- Born: 23 July 1888 Marienburg, Saint Petersburg Governorate, Russia
- Died: 27 December 1956 (aged 68) Leningrad, Soviet Union
- Resting place: Literatorskiye Mostki [ru], Saint Petersburg
- Education: Higher Art School of the Imperial Academy (1918)
- Known for: Painting, drawing, art teaching
- Movement: Realism

= Rudolf Frentz =

Russian painter (1888–1956)

Rudolf Rudolfovich Frentz (Рудо́льф Рудо́льфович Фре́нц; 23 July 1888 - 27 December 1956) was a Russian painter and draughtsman of German descent. He was active in Leningrad during the Soviet era and known for his military subjects.

==Biography==

Horsewoman, 1925

Frentz was born on 23 July 1888 in Marienburg, a suburb of Saint Petersburg, in Saint Petersburg Governorate of the Russian Empire.

Initially he learned from his father Rudolf Ferdinandovich Frentz (1831–1918), Academic of painting (1912), well-known Russian master of animal and hunting paintings.

In 1918 Rudolf Frentz graduated from Higher Art School at the Imperial Academy of Arts in Saint Petersburg, where he studied noted battle painters Vasily Savinsky and Nikolai Samokysh.

Since 1904 Rudolf Frentz participated in Art Exhibitions.

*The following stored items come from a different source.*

Lemma smooth_C_inv g :
  smooth_C g -> (forall t, g t <> 0%C) -> smooth_C (fun t => / g t)%C.
Proof.
  rewrite !smooth_C_iff; intros [Reg Img] Hg0.
  set (sqnorm := fun t => Re (g t) * Re (g t) + Im (g t) * Im (g t)).
  assert (Hinv : forall n, Cn n (fun t => / sqnorm t)).
  { intro n; apply Cn_inv; [apply Cn_plus; apply Cn_mult; auto|].
    intros t Ht; apply (Hg0 t); unfold sqnorm, Re, Im in Ht.
    destruct (g t) as [a b]; simpl in Ht.
    assert (a = 0) by nra; assert (b = 0) by nra; subst; reflexivity. }
  split; intro n.
  - apply (Cn_ext n (fun t => Re (g t) * / sqnorm t)); [|apply Cn_mult; auto].
    intro t; unfold sqnorm, Re, Im; simpl; unfold Rdiv; f_equal; f_equal; ring.
  - apply (Cn_ext n (fun t => -1 * Im (g t) * / sqnorm t)).
    + intro t; unfold sqnorm, Re, Im; simpl; unfold Rdiv; f_equal; [ring|f_equal; ring].
    + apply Cn_mult; [apply Cn_mult; [apply Cn_const|apply Img]|apply Hinv].
Qed.

Lemma smooth_C_const c : smooth_C (fun _ => c).
Proof. apply smooth_C_iff; split; intro n; apply Cn_const. Qed.

Lemma smooth_C_RtoC f : smooth f -> smooth_C (fun t => RtoC (f t)).
Proof.
  intro Hf; apply smooth_C_iff; split; [exact Hf|intro n].
  apply (Cn_ext n (fun _ => 0)); [reflexivity|apply Cn_const].
Qed.

Lemma smooth_C_sub_RtoC z : smooth_C (fun t => z - RtoC t)%C.
Proof.
  apply smooth_C_iff; split; intro n.
  - apply (Cn_ext n (fun t => -1 * t + Re z)); [intro t; unfold Re; simpl; ring|].
    apply Cn_plus; [apply Cn_mult; [apply Cn_const|apply Cn_id]|apply Cn_const].
  - apply (Cn_ext n (fun _ => Im z)); [intro t; unfold Im; simpl; ring|apply Cn_const].
Qed.

Lemma sub_RtoC_neq0 z t : nonreal z -> (z - RtoC t)%C <> 0%C.
Proof. intros Hz H; apply Hz; apply (f_equal Im) in H; unfold Im in *; simpl in H; lra. Qed.

Lemma test_fun_mulr f g : test_fun f -> smooth_C g -> test_fun (fun t => f t * g t)%C.
Proof.
  intros [Hf [M HM]] Hg; split; [apply smooth_C_mult; assumption|].
  exists M; intros t Ht; rewrite HM by exact Ht; apply Cmult_0_l.
Qed.

Lemma test_fun_mull g f : smooth_C g -> test_fun f -> test_fun (fun t => g t * f t)%C.
Proof.
  intros Hg [Hf [M HM]]; split; [apply smooth_C_mult; assumption|].
  exists M; intros t Ht; rewrite HM by exact Ht; apply Cmult_0_r.
Qed.

Lemma test_fun_div_sub_RtoC f z :
  test_fun f -> nonreal z -> test_fun (fun t => f t / (z - RtoC t))%C.
Proof.
  intros Hf Hz; apply test_fun_mulr; [exact Hf|].
  apply smooth_C_inv; [apply smooth_C_sub_RtoC|intro t; apply sub_RtoC_neq0, Hz].
Qed.

Lemma compact_support_cutoff f :
  compact_support f -> exists psi, test_fun psi /\ forall t, (psi t * f t)%C = f t.
Proof.
  intros [M HM]; set (c := Rabs M + 1).
  exists (fun t => RtoC (bump c t)); split; [split|].
  - apply smooth_C_RtoC, smooth_bump.
  - exists c; intros t Ht; rewrite bump_eq0 by lra; reflexivity.
  - intro t; destruct (Rlt_dec M (Rabs t)) as [Ht|Ht]; [rewrite HM by exact Ht; apply Cmult_0_r|].
    rewrite bump_eq1; [apply Cmult_1_l|].
    pose proof (Rle_abs M); unfold c; lra.
Qed.

Lemma minus_plus_l {G : AbelianGroup} (a s : G) : minus (plus a s) a = s.
Proof.
  unfold minus; rewrite (plus_comm a s), <- plus_assoc.
  transitivity (plus s zero); [f_equal; apply plus_opp_r|apply plus_zero_r].
Qed.

Lemma minus_opp_opp {G : AbelianGroup} (u v : G) : minus (opp u) (opp v) = opp (minus u v).
Proof. unfold minus; symmetry; apply opp_plus. Qed.

Section ResolventFamily.

Context {X : NormedModule C_AbsRing}.

Definition op_bound (T : X -> X) (M : R) : Prop := forall x, norm (T x) <= M * norm x.

Lemma op_bound_le (T : X -> X) M M' : M <= M' -> op_bound T M -> op_bound T M'.
Proof.
  intros HM HT x; eapply Rle_trans; [apply HT|].
  apply Rmult_le_compat_r; [apply norm_ge_0|exact HM].
Qed.

Lemma op_bound_comp (S T : X -> X) a b :
  0 <= a -> op_bound S a -> op_bound T b -> op_bound (fun x => S (T x)) (a * b).
Proof.
  intros Ha HS HT x; eapply Rle_trans; [apply HS|].
  rewrite Rmult_assoc; apply Rmult_le_compat_l; [exact Ha|apply HT].
Qed.

Lemma bounded_op_bound (T : X -> X) : bounded_op T -> exists M, 0 <= M /\ op_bound T M.
Proof.
  intros [_ [_ [M HM]]]; exists (Rmax 0 M); split; [apply Rmax_l|].
  apply (op_bound_le T M); [apply Rmax_r|exact HM].
Qed.

Lemma bounded_op_comp (S T : X -> X) :
  bounded_op S -> bounded_op T -> bounded_op (fun x => S (T x)).
Proof.
  intros HS HT.
  destruct (bounded_op_bound S HS) as [a [Ha HSa]].
  destruct HS as [Sadd [Sscal _]], HT as [Tadd [Tscal [b HTb]]].
  split; [|split].
  - intros x y; rewrite Tadd; apply Sadd.
  - intros c x; rewrite Tscal; apply Sscal.
  - exists (a * b); apply op_bound_comp; assumption.
Qed.

Lemma bounded_op_opp (T : X -> X) : bounded_op T -> bounded_op (fun x => opp (T x)).
Proof.
  intros [Tadd [Tscal [M HM]]]; split; [|split].
  - intros x y; rewrite Tadd; exact (opp_plus (T x) (T y)).
  - intros c x; rewrite Tscal; symmetry; exact (scal_opp_r c (T x)).
  - exists M; intro x; rewrite norm_opp; apply HM.
Qed.

(* The bounds [2 a + B / 2 ^ n] all hold and decrease to [2 a]. *)
Lemma op_bound_of_halving (T : X -> X) a B :
  0 <= a -> 0 <= B -> op_bound T B ->
  (forall M, 0 <= M -> op_bound T M -> op_bound T (a + M / 2)) ->
  op_bound T (2 * a).
Proof.
  intros Ha HB HTB Hhalf.
  assert (Hn : forall n, op_bound T (2 * a + B * (/ 2) ^ n)).
  { induction n as [|n IHn].
    - apply (op_bound_le T B); [simpl; lra|exact HTB].
    - pose proof (pow_le (/ 2) n ltac:(lra)) as Hpow.
      replace (2 * a + B * (/ 2) ^ S n) with (a + (2 * a + B * (/ 2) ^ n) / 2) by (simpl; field).
      apply Hhalf; [nra|exact IHn]. }
  intro x; apply Rle_plus_epsilon; intros eps Heps.
  pose proof (norm_ge_0 x) as Hx.
  assert (Hy : 0 < eps / (B * norm x + 1)) by (apply Rdiv_lt_0_compat; nra).
  destruct (pow_lt_1_zero (/ 2) ltac:(rewrite Rabs_pos_eq; lra) _ Hy) as [N HN].
  specialize (HN N (le_n N)); rewrite Rabs_pos_eq in HN by (apply pow_le; lra).
  apply (Rmult_lt_compat_l (B * norm x + 1)) in HN; [|nra].
  replace ((B * norm x + 1) * (eps / (B * norm x + 1))) with eps in HN by (field; nra).
  pose proof (pow_le (/ 2) N ltac:(lra)).
  eapply Rle_trans; [apply (Hn N)|nra].
Qed.

Lemma resolvent_op_bound (Fz Fw G : X -> X) (c : C) a b B :
  (forall x, Fz x = plus (Fw x) (scal c (Fz (G x)))) ->
  0 <= a -> op_bound Fw a -> 0 <= b -> op_bound G b -> abs c * b <= 1 / 2 ->
  0 <= B -> op_bound Fz B -> op_bound Fz (2 * a).
Proof.
  intros Hres Ha HFw Hb HG Hc HB HFz.
  apply (op_bound_of_halving Fz a B Ha HB HFz); intros M HM HFzM x.
  rewrite Hres; eapply Rle_trans; [apply norm_triangle|].
  eapply Rle_trans; [apply Rplus_le_compat_l; exact (norm_scal (V := X) c (Fz (G x)))|].
  pose proof (op_bound_comp Fz G M b HM HFzM HG x) as HFzG.
  pose proof (abs_ge_0 c); pose proof (norm_ge_0 x).
  assert (abs c * norm (Fz (G x)) <= M / 2 * norm x).
  { eapply Rle_trans; [apply Rmult_le_compat_l; [assumption|exact HFzG]|].
    replace (abs c * (M * b * norm x)) with (abs c * b * (M * norm x)) by ring.
    replace (M / 2 * norm x) with (1 / 2 * (M * norm x)) by field.
    apply Rmult_le_compat_r; [apply Rmult_le_pos|]; assumption. }
  pose proof (HFw x); lra.
Qed.

Lemma resolvent_difference_quotient (Fz Fw G : X -> X) (z w : C) x :
  (forall x, Fz x = plus (Fw x) (scal (w - z)%C (Fz (G x)))) -> z <> w ->
  minus (scal (/ (z - w))%C (minus (Fz x) (Fw x))) (opp (Fw (G x)))
  = opp (scal (w - z)%C (Fz (G (G x)))).
Proof.
  intros Hres Hzw.
  assert (Hzw' : (z - w)%C <> 0%C).
  { intro H; apply Hzw; replace z with ((z - w) + w)%C by ring; rewrite H; ring. }
  rewrite (Hres x), (minus_plus_l (Fw x)), (scal_assoc (V := X)).
  assert (Hcoef : (/ (z - w) * (w - z))%C = Copp 1) by (field; exact Hzw').
  change (mult (/ (z - w))%C (w - z)%C) with (/ (z - w) * (w - z))%C; rewrite Hcoef.
  rewrite (scal_opp_one (V := X)), (minus_opp_opp (G := X)), (Hres (G x)).
  rewrite (minus_plus_l (Fw (G x))); reflexivity.
Qed.

Definition has_op_derivative (U : C -> Prop) (F : C -> X -> X) (z0 : C) (T : X -> X) :=
  forall eps : R, 0 < eps ->
    exists delta : R, 0 < delta /\
      forall z : C, U z -> z <> z0 -> Cmod (z - z0)%C < delta ->
        forall x : X,
          norm (minus (scal (/ (z - z0))%C (minus (F z x) (F z0 x))) (T x)) <= eps * norm x.

Lemma resolvent_family_derivative (U : C -> Prop) (F : C -> X -> X) (G : X -> X) (w : C) :
  (forall z, U z -> bounded_op (F z)) -> U w -> bounded_op G ->
  (forall z, U z -> forall x, F z x = plus (F w x) (scal (w - z)%C (F z (G x)))) ->
  has_op_derivative U F w (fun x => opp (F w (G x))).
Proof.
  intros HF Hw HG Hres eps Heps.
  destruct (bounded_op_bound _ (HF w Hw)) as [a [Ha HFw]].
  destruct (bounded_op_bound _ HG) as [b [Hb HGb]].
  set (K := 2 * a * (b * b)).
  assert (HK : 0 <= K) by (unfold K; nra).
  exists (Rmin (/ (2 * (b + 1))) (eps / (K + 1))); split.
  { apply Rmin_glb_lt; [apply Rinv_0_lt_compat; lra|apply Rdiv_lt_0_compat; lra]. }
  intros z Hz Hzw Hdist x.
  assert (Habs : abs (w - z)%C = Cmod (z - w)%C).
  { change (Cmod (w - z) = Cmod (z - w)); rewrite <- Cmod_opp; f_equal; ring. }
  pose proof (Cmod_ge_0 (z - w)%C) as Hd0.
  assert (Hd1 : Cmod (z - w) * (b + 1) <= 1 / 2).
  { apply (Rle_trans _ (/ (2 * (b + 1)) * (b + 1))); [|right; field; lra].
    apply Rmult_le_compat_r; [lra|].
    left; eapply Rlt_le_trans; [exact Hdist|apply Rmin_l]. }
  assert (Hd2 : Cmod (z - w) * K <= eps).
  { apply (Rle_trans _ (eps / (K + 1) * K)).
    - apply Rmult_le_compat_r; [exact HK|].
      left; eapply Rlt_le_trans; [exact Hdist|apply Rmin_r].
    - replace (eps / (K + 1) * K) with (eps - eps / (K + 1)) by (field; lra).
      assert (0 < eps / (K + 1)) by (apply Rdiv_lt_0_compat; lra); lra. }
  destruct (bounded_op_bound _ (HF z Hz)) as [B [HB HFzB]].
  assert (HFz : op_bound (F z) (2 * a)).
  { apply (resolvent_op_bound (F z) (F w) G (w - z)%C a b B (Hres z Hz)); try assumption.
    rewrite Habs; nra. }
  rewrite (resolvent_difference_quotient (F z) (F w) G z w x (Hres z Hz) Hzw), (norm_opp (V := X)).
  eapply Rle_trans; [exact (norm_scal (V := X) (w - z)%C (F z (G (G x))))|]; rewrite Habs.
  pose proof (op_bound_comp (F z) (fun y => G (G y)) (2 * a) (b * b) ltac:(lra) HFz
                (op_bound_comp G G b b Hb HGb HGb) x) as HN.
  pose proof (norm_ge_0 x).
  eapply Rle_trans; [apply Rmult_le_compat_l; [exact Hd0|exact HN]|].
  fold K; nra.
Qed.

End ResolventFamily.

Lemma Cdiv_resolvent (c p z w u : C) :
  (p * c = c)%C -> (z - u)%C <> 0%C -> (w - u)%C <> 0%C ->
  (c / (z - u) = c / (w - u) + (w - z) * (c / (z - u) * (p / (w - u))))%C.
Proof.
  intros Hpc Hz Hw.
  transitivity (c / (w - u) + (w - z) * (p * c / ((z - u) * (w - u))))%C.
  - rewrite Hpc; field; split; assumption.
  - field; split; assumption.
Qed.

Theorem lemma2p1 (X : CompleteNormedModule C_AbsRing) (A : (R -> C) -> X -> X)
  (A_bounded : forall phi, test_fun phi -> bounded_op (A phi))
  (A_add : forall phi psi, test_fun phi -> test_fun psi ->
     forall x, A (fun t => (phi t + psi t)%C) x = plus (A phi x) (A psi x))
  (A_scal : forall (c : C) phi, test_fun phi ->
     forall x, A (fun t => (c * phi t)%C) x = scal c (A phi x))
  (A_mul : forall phi psi, test_fun phi -> test_fun psi ->
     forall x, A (fun t => (phi t * psi t)%C) x = A phi (A psi x)) :
  forall chi : R -> C, test_fun chi ->
    strongly_holomorphic_on nonreal
      (fun z : C => A (fun xi : R => (chi xi / (z - RtoC xi))%C)).
Proof.
  intros chi Hchi w Hw.
  destruct (compact_support_cutoff chi (proj2 Hchi)) as [psi [Hpsi Hpsi_chi]].
  set (f := fun z xi => (chi xi / (z - RtoC xi))%C).
  set (g := fun xi => (psi xi / (w - RtoC xi))%C).
  assert (Hf : forall z, nonreal z -> test_fun (f z))
    by (intros z Hz; apply test_fun_div_sub_RtoC; assumption).
  assert (Hg : test_fun g) by (apply test_fun_div_sub_RtoC; assumption).
  assert (Hres : forall z, nonreal z -> forall x,
             A (f z) x = plus (A (f w) x) (scal (w - z)%C (A (f z) (A g x)))).
  { intros z Hz x.
    pose proof (test_fun_mulr (f z) g (Hf z Hz) (proj1 Hg)) as Hfg.
    rewrite <- (A_mul (f z) g (Hf z Hz) Hg), <- (A_scal (w - z)%C _ Hfg),
      <- (A_add (f w) _ (Hf w Hw) (test_fun_mull _ _ (smooth_C_const (w - z)) Hfg)).
    apply (f_equal (fun phi => A phi x)), functional_extensionality; intro t.
    apply Cdiv_resolvent; [apply Hpsi_chi|apply sub_RtoC_neq0; assumption..]. }
  exists (fun x => opp (A (f w) (A g x))); split.
  - apply (@bounded_op_opp X), (@bounded_op_comp X); apply A_bounded; auto.
  - exact (resolvent_family_derivative nonreal (fun z => A (f z)) (A g) w
             (fun z Hz => A_bounded _ (Hf z Hz)) Hw (A_bounded g Hg) Hres).
Qed.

He painted battle scenes, genre and historical paintings, portraits, landscapes, and cityscapes, the most famous being his battle and animal paintings. Among his most famous paintings were ″On Znamenskaya Square in the February days of 1917″ (1917), ″Kryukov Channel″ (1920), ″Still Life″, ″Roadhog″ (both 1921), ″Carousel″ (1922), ″Nevsky Prospekt in the Night. A Cabman″, ″A Folk festivitie″ (both 1923), ″The storming of the Winter Palace″, ″Horsewoman″ (both 1925), ″A Portrait of wife″ (1926), ″The defense of Petrograd from Yudenich″ (1928), ″Sergey Kirov at the May Day Parade″, ″A Workers of the Southern Urals join a Blucher's partisan detachment″ (1929), ″Storm of Kronstadt″ (1935), ″Sergey Kirov in the North Caucasus″, ″Joint actions of tanks, aircraft and cavalry. Combined attack″ (both 1937), ″Mikhail Frunze manages the crossing over Sivash″ (1940), ″Guerrilla paths″ (1947), Stalingrad. February 2, 1943 (1950).

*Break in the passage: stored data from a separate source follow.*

(* Let $I$ be a nearly complete intersection in $R=k[x_1,\dots,x_n]$, let $h$ be a minimal monomial generator of $I$ with $\deg(h)\ge 3$, and let $K$ be the ideal generated by the remaining minimal monomial generators of $I$, so $I=K+(h)$. Then $\operatorname{pdim}(I)\le \operatorname{pdim}(K)+1$.
   Context: $k$ is a field; $\operatorname{pdim}$ denotes projective dimension of an ideal as an $R$-module. A nearly complete intersection is a squarefree monomial ideal $I$ that is not a complete intersection such that for every variable $x$ dividing some generator of $I$, the ideal $I(x=1)$ obtained by substituting $x=1$ in the generators is a complete intersection. *)

From HB Require Import structures.
From mathcomp Require Import all_boot all_order all_algebra.
From mathcomp Require Import mpoly.
Set Implicit Arguments. Unset Strict Implicit. Unset Printing Implicit Defensive.
Import GRing.Theory.
Local Open Scope ring_scope.

Definition mdivides (n : nat) (m m' : 'X_{1..n}) : bool :=
  [forall i : 'I_n, (m i <= m' i)%N].

Definition mcoprime (n : nat) (m m' : 'X_{1..n}) : bool :=
  [forall i : 'I_n, (m i == 0%N) || (m' i == 0%N)].

Definition msquarefree (n : nat) (m : 'X_{1..n}) : bool :=
  [forall i : 'I_n, (m i <= 1)%N].

Definition mon_ideal (k : fieldType) (n : nat) (G : seq 'X_{1..n})
    (f : {mpoly k[n]}) : Prop :=
  exists c : 'X_{1..n} -> {mpoly k[n]}, f = \sum_(g <- G) c g * 'X_[g].

Definition min_gens (n : nat) (G : seq 'X_{1..n}) : seq 'X_{1..n} :=
  undup [seq m <- G | ~~ has (fun m' => (m' != m) && mdivides m' m) G].

Definition is_min_gen_set (n : nat) (G : seq 'X_{1..n}) : bool :=
  uniq G && all (fun m => ~~ has (fun m' => (m' != m) && mdivides m' m) G) G.

(** a monomial ideal is a complete intersection: its minimal monomial
    generators form a regular sequence, i.e. are pairwise coprime *)
Definition mon_CI (n : nat) (G : seq 'X_{1..n}) : bool :=
  let M := min_gens G in
  all (fun m => all (fun m' => (m == m') || mcoprime m m') M) M.

Definition set_var1 (n : nat) (i : 'I_n) (m : 'X_{1..n}) : 'X_{1..n} :=
  [multinom (if j == i then 0%N else m j) | j < n].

Rudolf Frentz was a founding member of the Leningrad Union of Artists established in 1932. From 1929 to 1956, he taught at the Repin Institute of Arts, where he was professor of painting (1939–1956) and the head of the battle-painting workshop (from 1934). From 1949 to 1956, he also was professor of painting at the Vera Mukhina Institute, also known as the Leningrad Higher School of Industrial Art. Among his pupils were well-known Russian painters Mikhail Kaneev, Vladislav Anisovich, Nikolai Galakhov, Yuri Belov, Stepan Privedentsev, Sergei Babkov, Alexander Koroviakov, Gevork Kotiantz, Boris Lavrenko, Konstantin Molteninov, Dmitry Oboznenko, Vladimir Ovchinnikov, Nikolai Ovchinnikov, Alexander Pushnin, Vladimir Seleznev, Piotr Litvinsky, Piotr Nazarov and Elena Skuin.

Exhibitions of his works have been held in Leningrad (1928, 1970) and Saint Petersburg (2006).

Rudolf Rudolfovich Frentz died in Leningrad on 27 December 1956. His paintings are held in the State Russian Museum, the State Tretyakov Gallery, and in art museums and private collections in Russia, Italy, France, the US, Germany, England, and elsewhere.